С Пшемыславом я познакомилась случайно, когда мне пришлось хлопотать в министерстве культуры по какому-то делу. Обаятельный и красивый сотрудник министерства дал мне ряд ценных советов – как написать заявление, к кому обратиться, с какого боку лучше подойти к делу. Советы оказались полезными, а сотрудник с самого начала завладел моими помыслами, ибо был блондином, которые, как известно, играют в моей жизни особую роль. Очарование первых месяцев знакомства несколько поугасло, когда я более внимательно пригляделась к красавцу и обнаружила в его внешности один недостаток: близко посаженные глаза. Где-то когда-то я прочитала, что они – верный признак жестокости у человека, и это убеждение осталось у меня навсегда. Может, благодаря этому я и удержалась на нужной дистанции.
Несмотря на все мои старания, никакой жестокости в Пшемыславе я не заметила, напротив, из него прямо-таки излучалась доброжелательность ко всем на свете. И вообще это был очень интересный человек, хотя и немного загадочный. Я как-то спросила:
– Кто же вы? Чем занимаетесь в министерстве культуры?
– Занимаюсь защитой памятников старины, – ответил он.
– А по специальности?
– Искусствовед.
Что ж, весьма возможно. Есть такие области в сфере памятников старины, которые имеют право выглядеть загадочно. Но тогда, черт возьми, если уж человек с этим связан, не должен трепаться направо и налево, скорее обязан скрывать принадлежность к государственной тайне.
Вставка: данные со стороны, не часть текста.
Lemma ln_Zpart_le_add X Y : (forall i j, X i j <= Y i j) ->
  ln (Zpart q (beta *: X)) <=
  ln (Zpart q (beta *: Y)) + beta * \sum_i \sum_j (Y i j - X i j).
Proof.
move=> X_le_Y; set D := beta * _.
have Z_le : Zpart q (beta *: X) <= expR D * Zpart q (beta *: Y).
  rewrite /Zpart mulr_sumr; apply: ler_sum => sigma _; rewrite -expRD ler_expR.
  by have := Ham_le_add sigma X_le_Y; rewrite -/D; lra.
rewrite addrC -(expRK D) -lnM ?posrE ?expR_gt0 ?Zpart_gt0 //.
by rewrite ler_ln ?posrE ?mulr_gt0 ?expR_gt0 ?Zpart_gt0.
Qed.

Definition pressure (g : 'I_N * 'I_N -> nat) : R :=
  N%:R^-1 * ln (Zpart q (beta *: natmx g)).

Lemma natmx_le_add (A B : 'I_N * 'I_N -> nat) i j :
  natmx A i j <= natmx (fun p => (A p + B p)%N) i j :> R.
Proof. by rewrite !mxE ler_nat leq_addr. Qed.

Lemma pressure_antitone A B : pressure (fun p => (A p + B p)%N) <= pressure A.
Proof.
rewrite ler_wpM2l ?invr_ge0 ?ler0n // ln_Zpart_antitone // => i j.
exact: natmx_le_add.
Qed.

Lemma pressure_lipschitz A B :
  pressure A <= pressure (fun p => (A p + B p)%N) + N%:R^-1 * beta * \sum_p (B p)%:R.
Proof.
have gapE : \sum_i \sum_j (natmx (fun p => (A p + B p)%N) i j - natmx A i j) =
            \sum_p (B p)%:R :> R.
  rewrite pair_bigA; apply: eq_bigr => -[i j] _.
  by rewrite !mxE natrD addrAC subrr add0r.
rewrite /pressure -mulrA -mulrDr ler_wpM2l ?invr_ge0 ?ler0n // -gapE.
by apply: ln_Zpart_le_add => i j; exact: natmx_le_add.
Qed.

Lemma pNE (c : 'M[R]_N) :
  pN q beta c = limn (trunc_expect (fun p => c p.1 p.2 / (2 * N)%:R) pressure).
Proof. by []. Qed.

End PottsPressure.

Lemma pN_lipschitz (R : realType) (q N : nat) (beta : R) (c1 c2 : 'M[R]_N) :
  (0 < q)%N -> 0 <= beta -> (forall i j, 0 <= c1 i j) -> (forall i j, 0 <= c2 i j) ->
  `|pN q beta c2 - pN q beta c1| <=
  beta / (2 * (N ^ 2)%:R) * \sum_(i < N) \sum_(j < N) `|c2 i j - c1 i j|.
Proof.
move=> q_gt0 beta_ge0 c1_ge0 c2_ge0.
set mean := fun (c : 'M[R]_N) (p : 'I_N * 'I_N) => c p.1 p.2 / (2 * N)%:R.
have mean_ge0 (c : 'M[R]_N) : (forall i j, 0 <= c i j) -> forall p, 0 <= mean c p.
  by move=> c_ge0 p; rewrite divr_ge0.
have L_ge0 : 0 <= N%:R^-1 * beta by rewrite mulr_ge0 ?invr_ge0.
rewrite !pNE; apply: le_trans (limn_trunc_expect_lipschitz L_ge0
  (pressure_antitone q_gt0 beta_ge0) (pressure_lipschitz q_gt0 beta_ge0)
  (mean_ge0 _ c1_ge0) (mean_ge0 _ c2_ge0)) _.
have -> : \sum_p `|mean c2 p - mean c1 p| =
          (2 * N)%:R^-1 * \sum_i \sum_j `|c2 i j - c1 i j|.
  rewrite pair_bigA mulr_sumr; apply: eq_bigr => -[i j] _ /=.
  by rewrite -mulrBl normrM [`|_^-1|]ger0_norm ?invr_ge0 // mulrC.
rewrite (natrX _ N 2) natrM !invfM le_eqVlt; apply/orP; left; apply/eqP; ring.
Qed.

Lemma pN_const_lipschitz (R : realType) (q N : nat) (beta c1 c2 : R) :
  (0 < q)%N -> 0 <= beta -> 0 <= c1 -> 0 <= c2 ->
  `|pN q beta (const_mx c2 : 'M[R]_N) - pN q beta (const_mx c1 : 'M[R]_N)| <=
  2^-1 * beta * `|c2 - c1|.
Proof.
move=> q_gt0 beta_ge0 c1_ge0 c2_ge0.
have const_ge0 (c : R) : 0 <= c -> forall i j, 0 <= (const_mx c : 'M[R]_N) i j.
  by move=> c_ge0 i j; rewrite mxE.
apply: le_trans
  (pN_lipschitz q_gt0 beta_ge0 (const_ge0 _ c1_ge0) (const_ge0 _ c2_ge0)) _.
have [-> | N_gt0] := posnP N.
  by rewrite big_ord0 mulr0 !mulr_ge0 ?invr_ge0.
under eq_bigr do under eq_bigr do rewrite !mxE.
rewrite !sumr_const card_ord -mulrnA -[`|c2 - c1| *+ _]mulr_natr natrM.
have N_neq0 : N%:R != 0 :> R by rewrite pnatr_eq0 -lt0n.
rewrite le_eqVlt; apply/orP; left; apply/eqP.
by field; rewrite N_neq0.
Qed.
Вроде не похож на дурака…
Знакомство наше продолжалось, но эти глаза… Каждый раз они вызывали во мне настороженность, удерживали от излишней откровенности. Лицо улыбающееся, слова ласковые, но вот глаза… В чем дело? Контактные линзы? Глупости, у моего сына контактные линзы, а выглядит парень нормально. Нет, такие глаза, такой взгляд может быть лишь у людей, которых специально обучают этому!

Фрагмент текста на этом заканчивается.